University of Toronto mathematician Andrey Feuerverger calculated that the odds that the tomb does not belong to the Jesus of the Gospels is1/600. Tabor’s mathematician gives the startling odds that out of 42,723,672 families, the Talpiyot combination of names would occur only once. The general public needs to be a little wary of statistical calculations. They never give you the absolute truth but only an approximation of the truth. And Tabor is quick to admit that many of the associations in his book are “speculative.” Still, it is important to point out that these numbers do not depend so much on the frequency of a particular name but on the occurrence of the /cluster/ of names, and here the numbers are telling.
The Talpiyot tomb findings are a serious challenge to traditional Christian denominations. Catholics have held as a matter of doctrine that Mary was a virgin when she conceived and that she remained a virgin. The phase “brothers and sisters,” they argue must be taken in a “wide” sense of “friends and followers.” Many traditional Protestants beg to differ with Catholics on this score. Most claim that Jesus was never married, but scholars of 1st century Judaism now argue that one had to be married to preach in the synagogue, and that is something Jesus did on many occasions (Luke 4:16). The single implication of the Talpiyot findings that strikes traditional Christianity at its root is that, if indeed this is Jesus of Nazareth’s ossuary and bone fragments, then Jesus was not raised from the dead. As Paul says in 1 Corinthians 15: 13-14: “But if there is no resurrection of the dead, not even Christ has been raised; and if Christ has not been raised, then our preaching is vain, your faith also is vain.”

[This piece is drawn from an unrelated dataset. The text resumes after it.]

(* Let $\mathcal{T}_1,\mathcal{T}_2$ be locally finite trees in which every vertex has degree at least $3$, with base vertices $o^1,o^2$ and geodesic rays $\gamma^1\in\partial\mathcal{T}_1$, $\gamma^2\in\partial\mathcal{T}_2$. Then the Busemann compactification of the horospheric product $\mathcal{T}_1\uparrow\downarrow\mathcal{T}_2$ is isomorphic (as a compactification) to its height compactification. That is, there is a homeomorphism $\Theta$ from the height compactification onto the Busemann compactification with $\Theta(\Psi(\mathbf{x}))=\Phi(\mathbf{x})$ for every vertex $\mathbf{x}$ of $\mathcal{T}_1\uparrow\downarrow\mathcal{T}_2$. Equivalently, a sequence $(\mathbf{x}_n)$ of vertices of $\mathcal{T}_1\uparrow\downarrow\mathcal{T}_2$ has $\Psi(\mathbf{x}_n)$ convergent in the height compactification if and only if $\Phi(\mathbf{x}_n)$ converges in the Busemann compactification.
   Context: For a locally finite tree $\mathcal{T}$ with graph metric $d$ and base vertex $o$: the geometric boundary $\partial\mathcal{T}$ is the set of infinite geodesic rays from $o$, i.e. sequences $(z_n)_{n\ge0}$ of vertices with $z_0=o$, $z_i,z_{i+1}$ adjacent, and $z_i,z_{i+1},z_{i+2}$ pairwise distinct. For a vertex $x$ and $\xi=(z_n)\in\partial\mathcal{T}$, $[o,x]_\xi$ denotes the vertex of $\xi$ lying on the geodesic $[o,x]$ that is farthest from $o$. The geometric compactification $\overline{\mathcal{T}}=\mathcal{T}\sqcup\partial\mathcal{T}$ has the following topology: vertices are isolated; a sequence of vertices $x_n$ converges to $\xi\in\partial\mathcal{T}$ iff $d(o,[o,x_n]_\xi)\to\infty$; $\partial\mathcal{T}$ carries the metric $2^{-N(\xi_1,\xi_2)}$, where $N(\xi_1,\xi_2)$ is the length of the common initial segment of $\xi_1,\xi_2$. For $\gamma\in\partial\mathcal{T}$ the height (Busemann) function is $\mathfrak{b}_\gamma(y)=d(y,[o,y]_\gamma)-d(o,[o,y]_\gamma)$. Horospheric product: given $(\mathcal{T}_i,o^i,\gamma^i)$, $i=1,2$, let $\mathfrak{h}_i=\mathfrak{b}_{\gamma^i}$ (height in $\mathcal{T}_i$ with base $o^i$). $\mathcal{T}_1\uparrow\downarrow\mathcal{T}_2$ is the graph with vertex set $\{(x^1,x^2)\in\mathcal{T}_1\times\mathcal{T}_2:\mathfrak{h}_1(x^1)+\mathfrak{h}_2(x^2)=0\}$, where $(x^1,x^2)$ and $(y^1,y^2)$ are adjacent iff $x^1\sim y^1$ in $\mathcal{T}_1$ and $x^2\sim y^2$ in $\mathcal{T}_2$; $d$ is its graph metric and $\mathbf{o}=(o^1,o^2)$. Busemann compactification: for a vertex $\mathbf{z}$ let $\mathfrak{b}_{\mathbf{z}}(\mathbf{y})=d(\mathbf{z},\mathbf{y})-d(\mathbf{z},\mathbf{o})$, and $\Phi(\mathbf{z})=\mathfrak{b}_{\mathbf{z}}$; the Busemann compactification is the closure of $\Phi(\mathcal{T}_1\uparrow\downarrow\mathcal{T}_2)$ in the space of real functions on the vertex set with the topology of pointwise convergence. Height compactification: let $\overline{\mathbb{Z}}=\mathbb{Z}\cup\{\pm\infty\}$ be the two-point compactification of $\mathbb{Z}$, and $\Psi(\mathbf{x})=(x^1,x^2,\mathfrak{h}_1(x^1))\in\overline{\mathcal{T}}_1\times\overline{\mathcal{T}}_2\times\overline{\mathbb{Z}}$; the height compactification is the closure of $\Psi(\mathcal{T}_1\uparrow\downarrow\mathcal{T}_2)$ in this product space. *)

From Stdlib Require Import List ZArith Reals ClassicalEpsilon.
Import ListNotations.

Is there no way out of the dilemma for the believing Christian? Do Christians, if they accept these harsh historical facts, have to give up all belief in resurrection. I believe they do not. In the Epistle to the Romans Chapter 4, where Paul talks about the physical condition of Abraham and Sarah, he does not say that they were infertile or barren, as many translations have it, but that they were “dead” in the womb and the loins. When Isaac was born, they experienced a resurrection of the flesh in the most literal sense of the term. Likewise, when the Prodigal Son returned to his grieving father, the father said to his resentful brother, “For this your brother was dead, and is alive; he was lost, and is found.” I call this the resurrection of everydayness. The philosopher Hegel spoke of the “divine Man” whose particular death is transfigured into “the universality of the Spirit who dwells in His community, dies in it every day, and daily is resurrected.” This sense of living “resurrectionally” seems to have escaped many segments of Christianity.
The recent discoveries about 1st century Palestinian Judaism have forced many Christians to rediscover the Teaching of Jesus rather than to place all emphasis on the later teaching about Jesus.
Many devout Christians are speaking up loudly saying the Talpiyot Tomb story is another hoax, like “The Da Vinci Code.” To them I give a word of caution: Dan Brown wrote fiction that had everso fragile filaments to the truth, but ossuaries are ossuaries, names are names and bones are bones. I choose to remain interested but joyfully skeptical about all the new discoveries.